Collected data
Lemma chromatic_entropy_ge0 : 0 <= chromatic_entropy E PV.
Proof.
apply: lb_le_inf; last exact: colorings_entropy_lbound.
by exists (entropy (push PV id)), V, id; split => //; apply: id_coloring.
Qed.

Lemma chromatic_entropy_approx e : 0 < e -> exists (C : finType) (c : V -> C),
  is_coloring E c /\ entropy (push PV c) < chromatic_entropy E PV + e.
Proof.
move=> e_gt0.
have [_ [C [c [c_col ->]]] lt] : exists2 h, colorings_entropy h & h < inf colorings_entropy + e.
  apply: inf_lt; last by rewrite ltrDl.
  by exists (entropy (push PV id)), V, id; split => //; apply: id_coloring.
by exists C, c.
Qed.

End ChromaticEntropy.

Section TupleSplit.
Variables (T : Type) (m n : nat).

Definition ltuple (t : (m + n).-tuple T) : m.-tuple T := [tuple tnth t (lshift n i) | i < m].
Definition rtuple (t : (m + n).-tuple T) : n.-tuple T := [tuple tnth t (rshift m i) | i < n].

Lemma ltuple_cat (t1 : m.-tuple T) (t2 : n.-tuple T) : ltuple [tuple of t1 ++ t2] = t1.
Proof. by apply: eq_from_tnth => i; rewrite tnth_mktuple tnth_lshift. Qed.

Lemma rtuple_cat (t1 : m.-tuple T) (t2 : n.-tuple T) : rtuple [tuple of t1 ++ t2] = t2.
Proof. by apply: eq_from_tnth => i; rewrite tnth_mktuple tnth_rshift. Qed.

Lemma cat_lrtuple (t : (m + n).-tuple T) : [tuple of ltuple t ++ rtuple t] = t.
Proof.
apply: eq_from_tnth => i; case: (splitP i) => [j|k] i_eq.
  by rewrite (_ : i = lshift n j) ?tnth_lshift ?tnth_mktuple //; apply: val_inj.
by rewrite (_ : i = rshift m k) ?tnth_rshift ?tnth_mktuple //; apply: val_inj.
Qed.

End TupleSplit.

Lemma map_ltuple (T T' : Type) m n (h : T -> T') (t : (m + n).-tuple T) :
  map_tuple h (ltuple t) = ltuple (map_tuple h t).
Proof. by apply: eq_from_tnth => i; rewrite tnth_map !tnth_mktuple tnth_map. Qed.

Lemma map_rtuple (T T' : Type) m n (h : T -> T') (t : (m + n).-tuple T) :
  map_tuple h (rtuple t) = rtuple (map_tuple h t).
Proof. by apply: eq_from_tnth => i; rewrite tnth_map !tnth_mktuple tnth_map. Qed.

Lemma eq_cat_tuple (T : eqType) m n (t1 u1 : m.-tuple T) (t2 u2 : n.-tuple T) :
  ([tuple of t1 ++ t2] == [tuple of u1 ++ u2]) = (t1 == u1) && (t2 == u2).
Proof.
apply/eqP/andP => [eq_cat|[/eqP-> /eqP->] //].
split; apply/eqP; first by rewrite -(ltuple_cat t1 t2) eq_cat ltuple_cat.
by rewrite -(rtuple_cat t1 t2) eq_cat rtuple_cat.
Qed.

Lemma sum_pair (R : nmodType) (A B : finType) (F : A * B -> R) :
  \sum_(p : A * B) F p = \sum_a \sum_b F (a, b).
Proof. by rewrite pair_big; apply: eq_bigr => -[]. Qed.

Lemma sum_tuple_cat (R : nmodType) (T : finType) m n (F : (m + n).-tuple T -> R) :
  \sum_(t : (m + n).-tuple T) F t =
  \sum_(t1 : m.-tuple T) \sum_(t2 : n.-tuple T) F [tuple of t1 ++ t2].
Proof.
rewrite pair_big /= (reindex (fun p : m.-tuple T * n.-tuple T => [tuple of p.1 ++ p.2])) //.
exists (fun t => (ltuple t, rtuple t)) => [[t1 t2] _|t _] /=.
  by rewrite ltuple_cat rtuple_cat.
by rewrite cat_lrtuple.
Qed.

Lemma sum_tuple_prod (R : comPzSemiRingType) (T : finType) n (F : 'I_n -> T -> R) :
  \sum_(t : n.-tuple T) \prod_(i < n) F i (tnth t i) = \prod_(i < n) \sum_(x : T) F i x.
Proof.
rewrite bigA_distr_bigA /= (reindex (fun f : {ffun 'I_n -> T} => [tuple f i | i < n])) /=.
  by apply: eq_bigr => f _; apply: eq_bigr => i _; rewrite tnth_mktuple.
exists (fun t : n.-tuple T => [ffun i => tnth t i]) => [f _|t _] /=.
  by apply/ffunP => i; rewrite ffunE tnth_mktuple.
by apply: eq_from_tnth => i; rewrite tnth_mktuple ffunE.
Qed.

Section Source.
Variables (R : realType) (X Y U Z : finType) (P : X -> Y -> R) (f : X -> Y -> U) (g : Y -> Z).
Hypothesis P_ge0 : forall x y, 0 <= P x y.
Hypothesis P_sum : \sum_x \sum_y P x y = 1.

Local Notation V n := (n.-tuple X * n.-tuple Z)%type.

Lemma prodP_ge0 n (xn : n.-tuple X) yn : 0 <= prodP P xn yn.
Proof. by apply: prodr_ge0 => i _. Qed.

Lemma prodP_gt0 n (xn : n.-tuple X) yn :
  0 < prodP P xn yn <-> forall t, 0 < P (tnth xn t) (tnth yn t).
Proof.
split=> [xy_gt0 t|xy_gt0]; last by apply: prodr_gt0 => t _.
rewrite lt_neqAle P_ge0 andbT; apply: contraTneq xy_gt0 => P0.
by rewrite /prodP (bigD1 t) //= -P0 mul0r ltxx.
Qed.

Lemma sum_prodP n : \sum_(xn : n.-tuple X) \sum_(yn : n.-tuple Y) prodP P xn yn = 1.
Proof.
under eq_bigr => xn _ do rewrite /prodP (sum_tuple_prod (fun t y => P (tnth xn t) y)).
rewrite (sum_tuple_prod (fun t x => \sum_y P x y)).
by rewrite (eq_bigr (fun _ => 1)) ?prodr_const ?expr1n // => i _; rewrite -P_sum.
Qed.

Lemma char_dist_ge0 n (v : V n) : 0 <= char_dist P g v.
Proof. by apply: sumr_ge0 => yn _; apply: prodP_ge0. Qed.

Lemma sum_char_dist_mul n (F : V n -> R) :
  \sum_(xn : n.-tuple X) \sum_(yn : n.-tuple Y) prodP P xn yn * F (xn, gmap g yn) =
  \sum_(v : V n) char_dist P g v * F v.
Proof.
rewrite sum_pair; apply: eq_bigr => xn _.
under [RHS]eq_bigr => zn _ do rewrite /char_dist /= big_distrl /= big_mkcond /=.
rewrite exchange_big /=; apply: eq_bigr => yn _.
rewrite (bigD1 (gmap g yn)) //= eqxx big1 ?addr0 // => zn /negPf zn_neq.
by rewrite eq_sym zn_neq.
Qed.

Lemma sum_char_dist n : \sum_(v : V n) char_dist P g v = 1.
Proof.
under eq_bigr do rewrite -[char_dist _ _ _]mulr1.
rewrite -[RHS](sum_prodP n) -(sum_char_dist_mul (fun _ => 1)).
by apply: eq_bigr => xn _; apply: eq_bigr => yn _; rewrite mulr1.
Qed.

Lemma char_dist_gt0 n (v : V n) yn : gmap g yn = v.2 -> 0 < prodP P v.1 yn ->
  0 < char_dist P g v.
Proof.
move=> g_yn xy_gt0; apply: lt_le_trans xy_gt0 _.
by rewrite /char_dist (bigD1 yn) ?g_yn //= lerDl sumr_ge0 // => y _; apply: prodP_ge0.
Qed.

Definition vertex_cat m n (v1 : V m) (v2 : V n) : V (m + n) :=
  ([tuple of v1.1 ++ v2.1], [tuple of v1.2 ++ v2.2]).
Definition lvertex m n (v : V (m + n)) : V m := (ltuple v.1, ltuple v.2).
Definition rvertex m n (v : V (m + n)) : V n := (rtuple v.1, rtuple v.2).

Lemma lvertex_cat m n (v1 : V m) (v2 : V n) : lvertex (vertex_cat v1 v2) = v1.
Proof. by case: v1 => x z; rewrite /lvertex /= !ltuple_cat. Qed.

Lemma rvertex_cat m n (v1 : V m) (v2 : V n) : rvertex (vertex_cat v1 v2) = v2.
Proof. by case: v2 => x z; rewrite /rvertex /= !rtuple_cat. Qed.

Lemma sum_vertex_cat m n (F : V (m + n) -> R) :
  \sum_(v : V (m + n)) F v = \sum_(v1 : V m) \sum_(v2 : V n) F (vertex_cat v1 v2).
Proof.
rewrite sum_pair sum_tuple_cat.
under eq_bigr => x1 _ do under eq_bigr => x2 _ do rewrite sum_tuple_cat.
rewrite sum_pair; apply: eq_bigr => x1 _; under [RHS]eq_bigr do rewrite sum_pair.
by rewrite exchange_big.
Qed.

Lemma prodP_cat m n (x1 : m.-tuple X) (x2 : n.-tuple X) (y1 : m.-tuple Y) (y2 : n.-tuple Y) :
  prodP P [tuple of x1 ++ x2] [tuple of y1 ++ y2] = prodP P x1 y1 * prodP P x2 y2.
Proof.
rewrite /prodP big_split_ord /=.
by congr (_ * _); apply: eq_bigr => i _; rewrite ?tnth_lshift ?tnth_rshift.
Qed.
(* Let $E$ be a real vector space, $M$ a linear subspace of $E$, $S$ a sublinear functional on $E$ and $P$ a superlinear functional on $E$. Let $x_0\in E\setminus M$ and let $M_1$ be the smallest linear subspace of $E$ containing $M$ and $x_0$. Let $f_0$ be a linear functional on $M$ such that $f_0(x)\le S(x+y)-P(y)$ for every $x\in M$ and every $y\in M_1$. Then there exists a linear functional $L$ on $M_1$ such that $L(x)=f_0(x)$ for all $x\in M$ and $P(x)\le L(x)\le S(x)$ for every $x\in M_1$.
   Context: A functional $S:E\to\mathbb{R}$ is sublinear if $S(x+y)\le S(x)+S(y)$ for all $x,y\in E$ and $S(\alpha x)=\alpha S(x)$ for all $x\in E$, $\alpha>0$. A functional $P:E\to\mathbb{R}$ is superlinear if $P(x+y)\ge P(x)+P(y)$ and $P(\alpha x)=\alpha P(x)$ for all $x,y\in E$, $\alpha>0$. *)

From mathcomp Require Import all_boot all_order all_algebra.
From mathcomp Require Import reals.
Set Implicit Arguments. Unset Strict Implicit. Unset Printing Implicit Defensive.
Import Order.TTheory GRing.Theory Num.Theory.
Local Open Scope ring_scope.

Section Defs.
Variables (R : realType) (E : lmodType R).

Definition subspace (N : E -> Prop) : Prop :=
  N 0 /\ forall (a : R) (x y : E), N x -> N y -> N (a *: x + y).

Definition span_with (M : E -> Prop) (x0 : E) : E -> Prop :=
  fun x => forall N : E -> Prop, subspace N -> (forall m, M m -> N m) -> N x0 -> N x.

(* f is a linear functional on the subspace N (values outside N irrelevant). *)
Definition linear_on (N : E -> Prop) (f : E -> R) : Prop :=
  forall (a : R) (x y : E), N x -> N y -> f (a *: x + y) = a * f x + f y.

Definition sublinear (S : E -> R) : Prop :=
  (forall x y, S (x + y) <= S x + S y) /\
  (forall (a : R) x, 0 < a -> S (a *: x) = a * S x).

Definition superlinear (P : E -> R) : Prop :=
  (forall x y, P (x + y) >= P x + P y) /\
  (forall (a : R) x, 0 < a -> P (a *: x) = a * P x).
End Defs.

From mathcomp Require Import all_boot all_order all_algebra.
From mathcomp Require Import reals.
From mathcomp Require Import boolp classical_sets.
From mathcomp Require Import ring lra.
Set Implicit Arguments. Unset Strict Implicit. Unset Printing Implicit Defensive.
Import Order.TTheory GRing.Theory Num.Theory.
Local Open Scope ring_scope.
Local Open Scope classical_set_scope.

(* The extension is L (m + t x0) = f0 m + t c for a constant c. By positive
   homogeneity of P, L and S, the bounds P <= L <= S on M1 only have to be
   checked at the points m, m + x0 and m - x0 (m in M), which amounts to
   asking that c lie above every P (m + x0) - f0 m and f0 m - S (m - x0) and
   below every S (m + x0) - f0 m and f0 m - P (m - x0). The compatibility
   hypothesis, together with the sub/superadditivity of S and P, says that
   each of these lower bounds is below each upper bound, so the supremum of
   the lower bounds is a valid c. *)

Lemma sup_between (R : realType) (A B : set R) :
  A !=set0 -> B !=set0 -> (forall a b, A a -> B b -> a <= b) ->
  ubound A (sup A) /\ lbound B (sup A).
Proof.
move=> A0 [b Bb] AleB; split.
  by apply: sup_upper_bound; split => //; exists b => a Aa; exact: AleB.
by move=> b' Bb'; apply: ge_sup => // a Aa; exact: AleB.
Qed.

Section Subspace.
Variables (R : realType) (E : lmodType R) (N : E -> Prop).
Hypothesis subN : subspace N.

Lemma subspaceZ a x : N x -> N (a *: x).
Proof. by case: subN => N0 NC Nx; have := NC a x 0 Nx N0; rewrite addr0. Qed.

Lemma subspaceD x y : N x -> N y -> N (x + y).
Proof. by case: subN => _ NC Nx Ny; have := NC 1 x y Nx Ny; rewrite scale1r. Qed.

Lemma subspaceB x y : N x -> N y -> N (x - y).
Proof. by move=> Nx Ny; rewrite -scaleN1r; apply: subspaceD => //; apply: subspaceZ. Qed.

Variable f : E -> R.
Hypothesis linf : linear_on N f.

Lemma linear_on0 : f 0 = 0.
Proof.
case: subN => N0 _; have := linf 1 N0 N0.
by rewrite scale1r addr0 mul1r => e; lra.
Qed.

Lemma linear_onZ a x : N x -> f (a *: x) = a * f x.
Proof.
by case: subN => N0 _ Nx; have := linf a Nx N0; rewrite !addr0 linear_on0 addr0.
Qed.

Lemma linear_onD x y : N x -> N y -> f (x + y) = f x + f y.
Proof. by move=> Nx Ny; have := linf 1 Nx Ny; rewrite scale1r mul1r. Qed.

Lemma linear_onB x y : N x -> N y -> f (x - y) = f x - f y.
Proof.
move=> Nx Ny; rewrite -scaleN1r linear_onD ?linear_onZ ?mulN1r //.
exact: subspaceZ.
Qed.

End Subspace.

Section SublinearSuperlinear.
Variables (R : realType) (E : lmodType R).

Lemma sublinear0 (S : E -> R) : sublinear S -> S 0 = 0.
Proof. by case=> _ Shom; have := Shom 2 0 (ltr0Sn _ 1); rewrite scaler0 => e; lra. Qed.

Lemma superlinear0 (P : E -> R) : superlinear P -> P 0 = 0.
Proof. by case=> _ Phom; have := Phom 2 0 (ltr0Sn _ 1); rewrite scaler0 => e; lra. Qed.

Lemma between_pscale (S P : E -> R) a w l :
  sublinear S -> superlinear P -> 0 < a ->
  P w <= l <= S w -> P (a *: w) <= a * l <= S (a *: w).
Proof.
by move=> [_ Shom] [_ Phom] a0; rewrite Shom // Phom // !ler_pM2l.
Qed.

End SublinearSuperlinear.

Section Span.
Variables (R : realType) (E : lmodType R) (M : E -> Prop) (x0 : E).

Lemma subspace_span_with : subspace (span_with M x0).
Proof.
split; first by move=> N [N0 _].
move=> a x y Sx Sy N subN MN Nx0; case: (subN) => _ NC.
by apply: NC; [apply: Sx|apply: Sy].
Qed.

Hypothesis subM : subspace M.

Lemma span_withP z :
  span_with M x0 z <-> exists m t, M m /\ z = m + t *: x0.
Proof.
split=> [Sz|[m [t [Mm ->]]] N [_ NC] MN Nx0]; last first.
  by rewrite addrC; apply: NC => //; exact: MN.
apply: (Sz (fun z => exists m t, M m /\ z = m + t *: x0)).
- split; first by exists 0, 0; rewrite scale0r addr0; case: subM.
  move=> a _ _ [m1 [t1 [M1 ->]]] [m2 [t2 [M2 ->]]].
  exists (a *: m1 + m2), (a * t1 + t2); split; first by case: subM => _; apply.
  by rewrite scalerDr scalerDl scalerA addrACA.
- by move=> m Mm; exists m, 0; rewrite scale0r addr0.
- by exists 0, 1; rewrite add0r scale1r; split => //; case: subM.
Qed.

Lemma span_with_cone z : span_with M x0 z ->
  M z \/ exists a m, [/\ 0 < a, M m & z = a *: (m + x0) \/ z = a *: (m - x0)].
Proof.
move=> /span_withP [m [t [Mm ->]]].
have rescale a : 0 < a -> m = a *: (a^-1 *: m).
  by move=> a0; rewrite scalerA mulfV ?gt_eqF ?scale1r.
case: (ltrgtP t 0) => [tn|tp|->]; last by left; rewrite scale0r addr0.
- right; exists (- t), ((- t)^-1 *: m); split; rewrite ?oppr_gt0 //.
    exact: subspaceZ.
  by right; rewrite scalerBr -rescale ?oppr_gt0 // scaleNr opprK.
- right; exists t, (t^-1 *: m); split => //; first exact: subspaceZ.
  by left; rewrite scalerDr -rescale.
Qed.

Lemma span_with_shift m t : M m -> span_with M x0 (m + t *: x0).
Proof. by move=> Mm; apply/span_withP; exists m, t. Qed.

Lemma span_with_addx0 m : M m -> span_with M x0 (m + x0).
Proof. by move=> Mm; have := span_with_shift 1 Mm; rewrite scale1r. Qed.

Lemma span_with_subx0 m : M m -> span_with M x0 (m - x0).
Proof. by move=> Mm; have := span_with_shift (-1) Mm; rewrite scaleN1r. Qed.

Hypothesis Mx0 : ~ M x0.

Lemma span_with_coord_uniq m t m' t' : M m -> M m' ->
  m + t *: x0 = m' + t' *: x0 -> m = m' /\ t = t'.
Proof.
move=> Mm Mm'; have [<- e|neq_tt' e] := eqVneq t t'.
  by split => //; apply: addIr e.
exfalso; apply: Mx0.
have e' : m' - m = (t - t') *: x0.
  by rewrite -[m'](addrK (t' *: x0)) -e scalerBl addrAC [m + _]addrC addrK.
have -> : x0 = (t - t')^-1 *: (m' - m).
  by rewrite e' scalerA mulVf ?scale1r // subr_eq0.
by apply: (subspaceZ subM); exact: (subspaceB subM).
Qed.

Variable f0 : E -> R.
Hypothesis linf0 : linear_on M f0.

Definition extend_with (c : R) (z : E) : R :=
  if pselect (exists p : E * R, M p.1 /\ z = p.1 + p.2 *: x0) is left h
  then let p := projT1 (cid h) in f0 p.1 + p.2 * c else 0.

Lemma extend_withE c m t : M m -> extend_with c (m + t *: x0) = f0 m + t * c.
Proof.
move=> Mm; rewrite /extend_with; case: pselect => [h|[]]; last by exists (m, t).
case: (cid h) => [[m1 t1] /= [M1 e]].
by have [-> ->] := span_with_coord_uniq Mm M1 e.
Qed.

Lemma extend_with_linear c : linear_on (span_with M x0) (extend_with c).
Proof.
move=> a _ _ /span_withP [m1 [t1 [M1 ->]]] /span_withP [m2 [t2 [M2 ->]]].
have ->: a *: (m1 + t1 *: x0) + (m2 + t2 *: x0) = (a *: m1 + m2) + (a * t1 + t2) *: x0.
  by rewrite scalerDr scalerDl scalerA addrACA.
rewrite !extend_withE //; last by case: subM => _; apply.
by rewrite linf0 //; ring.
Qed.

Lemma extend_with_on c m : M m -> extend_with c m = f0 m.
Proof. by move=> Mm; have := extend_withE c 0 Mm; rewrite scale0r !addr0 mul0r addr0. Qed.

Lemma extend_with_plus c m : M m -> extend_with c (m + x0) = f0 m + c.
Proof. by move=> Mm; have := extend_withE c 1 Mm; rewrite scale1r mul1r. Qed.

Lemma extend_with_minus c m : M m -> extend_with c (m - x0) = f0 m - c.
Proof. by move=> Mm; have := extend_withE c (-1) Mm; rewrite scaleN1r mulN1r. Qed.

End Span.

Arguments subspace_span_with {R E M x0}.

Section Sandwich.
Variables (R : realType) (E : lmodType R) (M : E -> Prop) (x0 : E) (S P : E -> R).
Hypotheses (subM : subspace M) (subS : sublinear S) (supP : superlinear P).

Lemma between_on_span_with L : linear_on (span_with M x0) L ->
  (forall m, M m -> P m <= L m <= S m) ->
  (forall m, M m -> P (m + x0) <= L (m + x0) <= S (m + x0)) ->
  (forall m, M m -> P (m - x0) <= L (m - x0) <= S (m - x0)) ->
  forall z, span_with M x0 z -> P z <= L z <= S z.
Proof.
move=> linL onM plus minus z /(span_with_cone subM) [/onM //|[a [m [a0 Mm [->|->]]]]].
- rewrite (linear_onZ subspace_span_with linL); last exact: span_with_addx0.
  exact: between_pscale (plus m Mm).
- rewrite (linear_onZ subspace_span_with linL); last exact: span_with_subx0.
  exact: between_pscale (minus m Mm).
Qed.

Variable f0 : E -> R.
Hypotheses (linf0 : linear_on M f0)
  (compat : forall x y, M x -> span_with M x0 y -> f0 x <= S (x + y) - P y).

Lemma compat_between_on m : M m -> P m <= f0 m <= S m.
Proof.
move=> Mm; have M0 : M 0 by case: subM.
have := compat (subspaceB subM M0 Mm) (span_with_shift (x0 := x0) subM 0 Mm).
rewrite scale0r addr0 subrK (sublinear0 subS) (linear_onB subM linf0) //.
rewrite (linear_on0 subM linf0) => lower.
have := compat Mm (span_with_shift (x0 := x0) subM 0 M0).
rewrite scale0r !addr0 (superlinear0 supP) => upper.
apply/andP; split; lra.
Qed.

Let lower := [set P (m + x0) - f0 m | m in M] `|` [set f0 m - S (m - x0) | m in M].
Let upper := [set S (m + x0) - f0 m | m in M] `|` [set f0 m - P (m - x0) | m in M].

Lemma lower_le_upper a b : lower a -> upper b -> a <= b.
Proof.
have [Sadd _] := subS; have [Padd _] := supP.
have fB := linear_onB subM linf0; have fD := linear_onD linf0.
move=> [[m Mm <-]|[m Mm <-]] [[m' Mm' <-]|[m' Mm' <-]].
- have := compat (subspaceB subM Mm' Mm) (span_with_addx0 (x0 := x0) subM Mm).
  by rewrite addrA subrK fB // => h; lra.
- have := Padd (m + x0) (m' - x0); rewrite addrACA subrr addr0 => h.
  have := compat_between_on (subspaceD subM Mm Mm'); rewrite fD // => /andP[h' _].
  lra.
- have := Sadd (m - x0) (m' + x0); rewrite addrACA addNr addr0 => h.
  have := compat_between_on (subspaceD subM Mm Mm'); rewrite fD // => /andP[_ h'].
  lra.
- have := compat (subspaceB subM Mm Mm') (span_with_subx0 (x0 := x0) subM Mm').
  by rewrite addrA subrK fB // => h; lra.
Qed.

Hypothesis Mx0 : ~ M x0.

Lemma exists_sandwiched_extension : exists c,
  forall z, span_with M x0 z -> P z <= extend_with M x0 f0 c z <= S z.
Proof.
have M0 : M 0 by case: subM.
have [lower_c c_upper] : ubound lower (sup lower) /\ lbound upper (sup lower).
  by apply: sup_between => [||a b]; [exists (P (0 + x0) - f0 0)|
    exists (S (0 + x0) - f0 0)|exact: lower_le_upper]; left; exists 0.
exists (sup lower); apply: between_on_span_with => [|m Mm|m Mm|m Mm].
- exact: extend_with_linear.
- by rewrite extend_with_on //; exact: compat_between_on.
- rewrite extend_with_plus //.
  have := lower_c _ (or_introl (ex_intro2 _ _ m Mm erefl)).
  have := c_upper _ (or_introl (ex_intro2 _ _ m Mm erefl)).
  by move=> h h'; apply/andP; split; lra.
- rewrite extend_with_minus //.
  have := lower_c _ (or_intror (ex_intro2 _ _ m Mm erefl)).
  have := c_upper _ (or_intror (ex_intro2 _ _ m Mm erefl)).
  by move=> h h'; apply/andP; split; lra.
Qed.

End Sandwich.

Theorem lemma4p5 (R : realType) (E : lmodType R) (M : E -> Prop)
  (S P : E -> R) (x0 : E) (f0 : E -> R) :
  subspace M -> sublinear S -> superlinear P ->
  ~ M x0 ->
  linear_on M f0 ->
  (forall x y, M x -> span_with M x0 y -> f0 x <= S (x + y) - P y) ->
  exists L : E -> R,
    linear_on (span_with M x0) L /\
    (forall x, M x -> L x = f0 x) /\
    (forall x, span_with M x0 x -> P x <= L x <= S x).
Proof.
move=> subM subS supP Mx0 linf0 compat.
have [c between] := exists_sandwiched_extension subM subS supP linf0 compat Mx0.
exists (extend_with M x0 f0 c); split; first exact: extend_with_linear.
by split=> // x; exact: extend_with_on.
Qed.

**Problem to solve**. Word for word, set down the lines from the beginning of the records through the line that holds "Lemma eq_cat_tuple (T". Leave out the rest.

**Written answer**.
Lemma chromatic_entropy_ge0 : 0 <= chromatic_entropy E PV.
Proof.
apply: lb_le_inf; last exact: colorings_entropy_lbound.
by exists (entropy (push PV id)), V, id; split => //; apply: id_coloring.
Qed.

Lemma chromatic_entropy_approx e : 0 < e -> exists (C : finType) (c : V -> C),
  is_coloring E c /\ entropy (push PV c) < chromatic_entropy E PV + e.
Proof.
move=> e_gt0.
have [_ [C [c [c_col ->]]] lt] : exists2 h, colorings_entropy h & h < inf colorings_entropy + e.
  apply: inf_lt; last by rewrite ltrDl.
  by exists (entropy (push PV id)), V, id; split => //; apply: id_coloring.
by exists C, c.
Qed.

End ChromaticEntropy.

Section TupleSplit.
Variables (T : Type) (m n : nat).

Definition ltuple (t : (m + n).-tuple T) : m.-tuple T := [tuple tnth t (lshift n i) | i < m].
Definition rtuple (t : (m + n).-tuple T) : n.-tuple T := [tuple tnth t (rshift m i) | i < n].

Lemma ltuple_cat (t1 : m.-tuple T) (t2 : n.-tuple T) : ltuple [tuple of t1 ++ t2] = t1.
Proof. by apply: eq_from_tnth => i; rewrite tnth_mktuple tnth_lshift. Qed.

Lemma rtuple_cat (t1 : m.-tuple T) (t2 : n.-tuple T) : rtuple [tuple of t1 ++ t2] = t2.
Proof. by apply: eq_from_tnth => i; rewrite tnth_mktuple tnth_rshift. Qed.

Lemma cat_lrtuple (t : (m + n).-tuple T) : [tuple of ltuple t ++ rtuple t] = t.
Proof.
apply: eq_from_tnth => i; case: (splitP i) => [j|k] i_eq.
  by rewrite (_ : i = lshift n j) ?tnth_lshift ?tnth_mktuple //; apply: val_inj.
by rewrite (_ : i = rshift m k) ?tnth_rshift ?tnth_mktuple //; apply: val_inj.
Qed.

End TupleSplit.

Lemma map_ltuple (T T' : Type) m n (h : T -> T') (t : (m + n).-tuple T) :
  map_tuple h (ltuple t) = ltuple (map_tuple h t).
Proof. by apply: eq_from_tnth => i; rewrite tnth_map !tnth_mktuple tnth_map. Qed.

Lemma map_rtuple (T T' : Type) m n (h : T -> T') (t : (m + n).-tuple T) :
  map_tuple h (rtuple t) = rtuple (map_tuple h t).
Proof. by apply: eq_from_tnth => i; rewrite tnth_map !tnth_mktuple tnth_map. Qed.

Lemma eq_cat_tuple (T : eqType) m n (t1 u1 : m.-tuple T) (t2 u2 : n.-tuple T) :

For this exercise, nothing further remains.